I've never lost any water or had mayonaise in the cooling system or on the oil cap. Tried varying levels of antifreeze from about 10% up to 50%, as well as one fill with water wetter, since then I have run a hose through it while idling for 30 minutes to clean it out, still no difference. Finally I've also wrapped the downpipes with no difference. Basically I've given up!
 

SiliconAngel

1 AYC Bar
Location
Perth, WA
First Name
SA, Trevor
Drive
'99 Legnum VR4 Black MT
Your coolant isn't the problem - the coolant is getting hot enough, but it just can't get rid of the heat fast enough (although I would probably only run 1:4 coolant ratio in track conditions, to maximise heat transfer). You need to increase the cooling ability of your heat exchange system, which involves increasing the surface area of engine, increased water flow through the engine, increased surface area of the radiator and increased airflow through the rad. So you need a bigger (ie wider, taller and deeper) radiator, you need to design a properly ducting / sealing shroud that ensures maximum airflow through the rad, and ideally you need to redesign the water jacket to increase engine surface area to the coolant (I wouldn't bother with increasing water flow through the engine unless you had addressed all the others, as it requires redesigning the water pump which is no small feat). Increasing engine surface area is obviously prohibitively expensive, and the increased radiator probably is as well, as it requires substantial redesign of the front end of the car.
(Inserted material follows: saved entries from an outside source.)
(* Let $b_2\ge 2$, $p\ge1$, $1\le q<b_2$ be integers, $k=pb_2+q$, and let $M=k$. Over the $(b_2,M)$ burst erasure channel, the RD code (defined in the context) has delay profile $$(\underbrace{b_2,\dots,b_2}_{q},\underbrace{b_2+q,\dots,b_2+q}_{b_2},\underbrace{2b_2+q,\dots,2b_2+q}_{b_2},\dots,\underbrace{pb_2+q,\dots,pb_2+q}_{b_2}),$$ i.e. $s_j[t]$ is recoverable by time $t+b_2$ for $j\in[1,q]$ and by time $t+lb_2+q$ for $j\in[(l-1)b_2+q+1,lb_2+q]$, $l\in[p]$.
   Context: Convention: $m\bmod n$ denotes the representative of $m$ modulo $n$ in $\{1,\dots,n\}$. Point-to-point code: given $P'_0,\dots,P'_M\in\mathbb F^{k\times(n-k)}$ ($P'_i=0$ for $i\notin[0,M]$), messages $S[t]=(s_1[t],\dots,s_k[t])\in\mathbb F^k$ ($S[t]=0$ for $t<0$) are sent as $(S[t],P[t])$, $P[t]=\sum_{i=0}^M S[t-i]P'_i$; a $(b,M)$ burst channel erases packets so that in every window of $M+1$ consecutive slots the erased slots form at most one run of consecutive slots of length at most $b$. Delay profile $(d_1,\dots,d_k)$: for every admissible erasure pattern and all $t,i$, $s_i[t]$ is determined by the packets received at times $\le t+d_i$. RD code ($n-k=b_2$, in the paper $k=T-b_1$): $P'_i\in\mathbb F_2^{k\times b_2}$, $i\in[0,M]$: (I) for $i\in[b_2-1]$, a single $1$ at position $(i\bmod q,\,q+(i\bmod(b_2-q)))$, zeros elsewhere; (II) $P'_{b_2}(r,r)=1$ for $r\in[q]$, zeros elsewhere; (III) for $j\in[p]$, $P'_{jb_2+q}$ has $I_{b_2}$ in rows $(j-1)b_2+q+1,\dots,jb_2+q$, zeros elsewhere; (IV) all other $P'_i=0$. *)

From HB Require Import structures.
From mathcomp Require Import all_boot all_order all_algebra.
Set Implicit Arguments. Unset Strict Implicit. Unset Printing Implicit Defensive.
Import GRing.Theory.
Local Open Scope ring_scope.

(* Time slots are natural numbers t >= 0; S[t] = 0 for t < 0 is encoded by
   dropping the terms with i > t.  Symbol/row/column indices are 0-based in
   Rocq ('I_k); the paper's 1-based index is (val j).+1. *)

Definition modr (m n : nat) : nat := if (m %% n == 0)%N then n else (m %% n)%N.

Definition parity (F : fieldType) (k r M : nat) (P' : nat -> 'M[F]_(k, r))
  (S : nat -> 'rV[F]_k) (t : nat) : 'rV[F]_r :=
  \sum_(i < M.+1) (if (i <= t)%N then S (t - i)%N *m P' i else 0).

(* E (the set of erased slots) is admissible for the (b,M) burst channel:
   in every window [w, w+M] the erased slots form at most one run of
   consecutive slots of length at most b (l = 0 : no erasure in the window). *)
Definition burst_admissible (b M : nat) (E : nat -> bool) : Prop :=
  forall w : nat, exists a l : nat, (l <= b)%N /\
    forall t : nat, (w <= t <= w + M)%N -> E t = (a <= t < a + l)%N.

(* Symbol j of S[t] is determined by the packets (S[tau], P[tau]) received
   (tau not erased) at times tau <= T. *)
Definition recoverable (F : fieldType) (k r M : nat) (P' : nat -> 'M[F]_(k, r))
  (E : nat -> bool) (t : nat) (j : 'I_k) (T : nat) : Prop :=
  forall S S' : nat -> 'rV[F]_k,
    (forall tau : nat, (tau <= T)%N -> ~~ E tau ->
        S tau = S' tau /\ parity M P' S tau = parity M P' S' tau) ->
    S t 0 j = S' t 0 j.

(* 1-based entry (r, c) of the RD matrix P'_i (k = p*b2+q rows, b2 columns). *)
Definition RD_entry (b2 p q i r c : nat) : bool :=
  [&& (1 <= i <= b2 - 1)%N, r == modr i q & c == q + modr i (b2 - q)]%N
  || [&& i == b2, (1 <= r <= q)%N & r == c]
  || has (fun j => [&& i == j * b2 + q,
                       ((j - 1) * b2 + q + 1 <= r <= j * b2 + q)%N
                     & c == r - ((j - 1) * b2 + q)]%N) (iota 1 p).

Definition RD (b2 p q : nat) (i : nat) : 'M['F_2]_(p * b2 + q, b2) :=
  \matrix_(r, c) (if RD_entry b2 p q i (val r).+1 (val c).+1 then 1 else 0).

(* Two input streams that produce the same received packets up to time T differ
   by a stream D that vanishes on every received slot and whose parities vanish
   at every received slot, so it suffices to show D t = 0.  If t is erased, the
   channel erases a single burst [a, a + L) with L <= b2 around t and nothing
   else within distance M = k, hence D lives on the burst and every parity at a
   time >= a + L vanishes.  Each unknown entry is then isolated by one parity
   check whose other contributions are already known to vanish: the first q
   rows of the first q burst slots by the diagonal of P'_b2 at time x + b2,
   the first q rows of later burst slots, moving forward through the burst,
   by the single 1 of some P'_i with i < b2, and the rows of block l by the
   identity block of P'_(l b2 + q) at time x + l b2 + q. *)

From mathcomp Require Import all_boot all_order all_algebra zify.
Set Implicit Arguments. Unset Strict Implicit. Unset Printing Implicit Defensive.
Import GRing.Theory.

Lemma modr_bound m n : (0 < n)%N -> (1 <= modr m n <= n)%N.
Proof.
move=> n_gt0; rewrite /modr; case: eqP => [_|/eqP]; first by rewrite n_gt0 leqnn.
by rewrite lt0n => -> /=; rewrite ltnW ?ltn_mod.
Qed.

Lemma modr_small r n : (1 <= r <= n)%N -> modr r n = r.
Proof.
rewrite /modr => /andP[r_gt0]; rewrite leq_eqVlt => /orP[/eqP->|r_lt]; first by rewrite modnn.
by rewrite modn_small //; case: eqP; lia.
Qed.

Lemma eq_modr m m' n : m = m' %[mod n] -> modr m n = modr m' n.
Proof. by rewrite /modr => ->. Qed.

Lemma modr_eq_mod m m' n : (0 < n)%N -> modr m n = modr m' n -> m = m' %[mod n].
Proof.
move=> n_gt0; have := ltn_mod m n; have := ltn_mod m' n; rewrite n_gt0 /modr.
by case: eqP; case: eqP; lia.
Qed.

Lemma modr_eq_gap m m' n : (0 < n)%N -> modr m n = modr m' n -> (m < m')%N -> (m + n <= m')%N.
Proof.
move=> n_gt0 /(modr_eq_mod n_gt0) /eqP eqm lt_mm'.
have : (n %| m' - m)%N by rewrite -eqn_mod_dvd 1?(ltnW lt_mm') // eq_sym.
by move/dvdn_leq; rewrite subn_gt0 lt_mm' => /(_ isT); lia.
Qed.

Lemma modr_onto_window s n r : (0 < n)%N -> (1 <= r <= n)%N ->
  exists m, [/\ (s <= m < s + n)%N & modr m n = r].
Proof.
move=> n_gt0 r_in; exists (s + (r + n - s %% n) %% n); split.
  by rewrite leq_addr ltn_add2l ltn_mod.
rewrite -{2}(modr_small r_in); apply: eq_modr; rewrite modnDmr.
have := divn_eq s n; have := ltn_mod s n; rewrite n_gt0 => lt_sn def_s.
have -> : (s + (r + n - s %% n) = s %/ n * n + (r + n))%N by lia.
by rewrite modnMDl modnDr.
Qed.

Lemma mul_subn1_addn m n : (0 < m)%N -> ((m - 1) * n + n = m * n)%N.
Proof. by move=> m_gt0; rewrite mulnBl mul1n subnK // leq_pmull. Qed.

Lemma erased_run_start (E : nat -> bool) t : E t ->
  exists a, [/\ (a <= t)%N, forall z, (a <= z <= t)%N -> E z & a = 0%N \/ ~~ E a.-1].
Proof.
elim: t => [|t IH] Et.
  by exists 0%N; split=> [||]; [|move=> z; rewrite leqn0 => /eqP ->|left].
case Et': (E t); last first.
  by exists t.+1; split=> //; [move=> z; rewrite -eqn_leq => /eqP <- | right; rewrite Et'].
have [a [a_le run start]] := IH Et'; exists a; split=> //; first lia.
move=> z /andP[a_le_z]; rewrite leq_eqVlt ltnS => /orP[/eqP-> //|z_le].
by apply: run; rewrite a_le_z.
Qed.

Lemma burst_convex b M E x y z : burst_admissible b M E ->
  (x <= z <= y)%N -> (y <= x + M)%N -> E x -> E y -> E z.
Proof.
move=> adm z_in y_le; have [s [l [_ win]]] := adm x.
rewrite !win; lia.
Qed.

Lemma burst_around b M E t : (b <= M)%N -> burst_admissible b M E -> E t ->
  exists a L, [/\ (0 < L <= b)%N, (a <= t < a + L)%N &
    forall y, (a + L <= y + M)%N -> (y <= t + M)%N -> E y = (a <= y < a + L)%N].
Proof.
move=> b_le_M adm Et; have [a [a_le_t run start]] := erased_run_start Et.
have [s [l [l_le_b win]]] := adm a.
have Ea : E a by apply: run; rewrite leqnn.
have a_in : (s <= a < s + l)%N by rewrite -win ?Ea ?leqnn ?leq_addr.
pose L := (s + l - a)%N.
have near_a y : (a <= y <= a + M)%N -> E y = (y < a + L)%N.
  by move=> y_in; rewrite win //; apply/idP/idP; lia.
have t_lt : (t < a + L)%N.
  have t_le : (t <= a + M)%N.
    rewrite leqNgt; apply/negP => lt_t; have := run (a + M)%N.
    by rewrite near_a; lia.
  by rewrite -near_a ?Et //; lia.
exists a, L; split; [lia | lia |] => y y_lo y_hi.
have [y_lt_a | a_le_y] := ltnP y a.
  apply/negbTE/negP => Ey.
  case: start => [a0 | /negP]; first by rewrite a0 in y_lt_a.
  by apply; apply: (burst_convex adm _ _ Ey Ea); lia.
have [y_le_aM | y_gt_aM] := leqP y (a + M); first by rewrite near_a ?a_le_y.
rewrite ltnNge (_ : a + L <= y)%N; last lia.
apply/negbTE/negP => Ey; have := burst_convex adm (z := (a + L)%N) _ _ Et Ey.
by rewrite near_a; lia.
Qed.

Local Open Scope ring_scope.

Section LinearCode.
Variables (F : fieldType) (k n M : nat) (P' : nat -> 'M[F]_(k, n)).

Lemma parityB S S' tau :
  parity M P' (fun x => S x - S' x) tau = parity M P' S tau - parity M P' S' tau.
Proof.
rewrite /parity -sumrB; apply: eq_bigr => i _.
by case: ifP => _; rewrite ?mulmxBl ?subr0.
Qed.

Lemma parity_isolate D tau (c : 'I_n) i0 (r0 : 'I_k) :
  parity M P' D tau = 0 -> (i0 <= M)%N -> (i0 <= tau)%N -> P' i0 r0 c != 0 ->
  (forall i (r : 'I_k), (i <= M)%N -> (i <= tau)%N -> (i, r) != (i0, r0) ->
     P' i r c != 0 -> D (tau - i)%N 0 r = 0) ->
  D (tau - i0)%N 0 r0 = 0.
Proof.
move=> par0 i0_le_M i0_le_tau nz0 others.
have other_term i (r : 'I_k) : (i <= M)%N -> (i <= tau)%N -> (i, r) != (i0, r0) ->
    D (tau - i)%N 0 r * P' i r c = 0.
  move=> i_le_M i_le_tau ne; have [->|nz] := eqVneq (P' i r c) 0; first by rewrite mulr0.
  by rewrite others ?mul0r.
have := congr1 (fun v : 'rV_n => v 0 c) par0; rewrite /= summxE mxE.
rewrite (bigD1 (Ordinal (i0_le_M : (i0 < M.+1)%N))) //= i0_le_tau mxE (bigD1 r0) //=.
rewrite big1 => [|r ne_r]; last by apply: other_term; rewrite // xpair_eqE negb_and ne_r orbT.
rewrite big1 => [|i ne_i]; last first.
  case: ifP => i_le_tau; last by rewrite mxE.
  rewrite mxE; apply: big1 => r _; apply: other_term => //; first by rewrite -ltnS.
  by rewrite xpair_eqE negb_and -val_eqE ne_i.
by rewrite !addr0 => /eqP; rewrite mulf_eq0 (negPf nz0) orbF => /eqP.
Qed.

(* The difference of two inputs that agree on all packets received up to T,
   when the erasures around t form the burst [a, a + L). *)
Definition burst_residual (D : nat -> 'rV[F]_k) (a L T : nat) : Prop :=
  (forall y, (y <= T)%N -> (a + L <= y + M)%N -> ~~ (a <= y < a + L)%N -> D y = 0) /\
  (forall tau, (a + L <= tau <= T)%N -> parity M P' D tau = 0).

Lemma recoverable_of_burst_residual b E t (j : 'I_k) T :
  (b <= M)%N -> burst_admissible b M E -> (t <= T <= t + M)%N ->
  (forall D a L, (0 < L <= b)%N -> burst_residual D a L T -> (a <= t < a + L)%N ->
     D t 0 j = 0) ->
  recoverable M P' E t j T.
Proof.
move=> b_le_M adm T_in residual_t S S' agree.
have [Et | Et] := boolP (E t); last by have [|->] := agree t _ Et; case/andP: T_in.
have [a [L [L_in t_in burst]]] := burst_around b_le_M adm Et.
have received y : (y <= T)%N -> (a + L <= y + M)%N -> ~~ (a <= y < a + L)%N -> ~~ E y.
  by move=> y_le y_ge; rewrite burst //; lia.
suff : (S t - S' t) 0 j = 0 by rewrite !mxE => /eqP; rewrite subr_eq0 => /eqP.
apply: (residual_t (fun x => S x - S' x) a L) => //; split.
- move=> y y_le y_ge y_out; have [|-> _] := agree y y_le; first exact: received.
  by rewrite subrr.
- move=> tau tau_in; rewrite parityB; have tau_le : (tau <= T)%N by case/andP: tau_in.
  have [|_ ->] := agree tau tau_le; first by apply: received; lia.
  by rewrite subrr.
Qed.

End LinearCode.

Section RDCode.
Variables b2 p q : nat.

Lemma RD_neq0 i r c : (RD b2 p q i r c != 0) = RD_entry b2 p q i r.+1 c.+1.
Proof. by rewrite /RD mxE; case: ifP; rewrite ?oner_neq0 ?eqxx. Qed.

Lemma RD_entryP i r c : RD_entry b2 p q i r c ->
  [/\ (1 <= i <= b2 - 1)%N, r = modr i q & c = q + modr i (b2 - q)]%N \/
  [/\ i = b2, (1 <= r <= q)%N & r = c] \/
  exists2 l, (1 <= l <= p)%N & [/\ i = l * b2 + q,
     ((l - 1) * b2 + q + 1 <= r <= l * b2 + q)%N & c = r - ((l - 1) * b2 + q)]%N.
Proof.
case/orP => [/orP[] | /hasP[l]]; first by case/and3P => ? /eqP ? /eqP ?; left.
  by case/and3P => /eqP ? ? /eqP ?; right; left.
rewrite mem_iota => l_in /and3P[/eqP ? ? /eqP ?]; right; right; exists l => //; lia.
Qed.

Lemma RD_entry_shift i : (1 <= i <= b2 - 1)%N ->
  RD_entry b2 p q i (modr i q) (q + modr i (b2 - q)).
Proof. by move=> i_in; rewrite /RD_entry i_in !eqxx. Qed.

Lemma RD_entry_diag r : (1 <= r <= q)%N -> RD_entry b2 p q b2 r r.
Proof. by move=> r_in; rewrite /RD_entry r_in !eqxx orbT. Qed.

Lemma RD_entry_block l c : (1 <= l <= p)%N -> (1 <= c <= b2)%N ->
  RD_entry b2 p q (l * b2 + q) ((l - 1) * b2 + q + c) c.
Proof.
move=> l_in c_in; apply/orP; right; apply/hasP; exists l; first by rewrite mem_iota; lia.
have := @mul_subn1_addn l b2; rewrite eqxx /=; lia.
Qed.

End RDCode.

Section RDResidual.
Variables b2 p q : nat.
Hypotheses (p_gt0 : (0 < p)%N) (q_gt0 : (0 < q)%N) (q_lt_b2 : (q < b2)%N).
Local Notation k := (p * b2 + q)%N.
Variables (D : nat -> 'rV['F_2]_k) (a L T : nat).
Hypotheses (L_gt0 : (0 < L)%N) (L_le_b2 : (L <= b2)%N).
Hypothesis residual : burst_residual k (RD b2 p q) D a L T.

Lemma b2_le_k : (b2 <= k)%N.
Proof. by rewrite (leq_trans (leq_pmull b2 p_gt0)) ?leq_addr. Qed.

Lemma residual_isolate x i0 (r0 : 'I_k) (c : 'I_b2) :
  (a + L <= x + i0 <= T)%N -> (i0 <= k)%N -> RD_entry b2 p q i0 r0.+1 c.+1 ->
  (forall i (r : 'I_k), (i <= k)%N -> (i <= x + i0)%N -> (i, r) != (i0, r0) ->
     RD_entry b2 p q i r.+1 c.+1 -> D (x + i0 - i)%N 0 r = 0) ->
  D x 0 r0 = 0.
Proof.
case: residual => _ par0 tau_in i0_le entry0 others.
have entry0_nz : RD b2 p q i0 r0 c != 0 by rewrite RD_neq0.
rewrite -(addnK i0 x); apply: (parity_isolate (par0 _ tau_in) _ _ entry0_nz) => //.
  exact: leq_addl.
by move=> i r i_le i_le_tau ne; rewrite RD_neq0; apply: others.
Qed.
The air duct is doable, though - you want a front bumper with air ducts area that match up with the faces of your IC and radiator. Then you extend the ducts right up to edges of each. You also duct the back of the IC to the front of the rad (and when I say duct, I mean seal the edges of the ducts to the edges of the heat exchangers with foam padding). The design should be such that air is forced through the face of the two heat exchangers, ie:

/_________\

not: \_______/ or |_________|

(with the top of the diagrams facing forwards and the bottom depicting the face of your IC/rad), thus ensuring that once air hits the face of the IC / rad it has no choice but to flow through the heat exchanger, particularly with more air ramming in behind it. If you have the second or third design, air will spill over the sides (even with a deep duct). You don't need a particularly exaggerated angle either - about 5º in from 90 (or 85º) should do it. With such a design you will vastly increase the amount of air passing through the fins of your rad, possibly by as much as 100%, which should substantially benefit your temps.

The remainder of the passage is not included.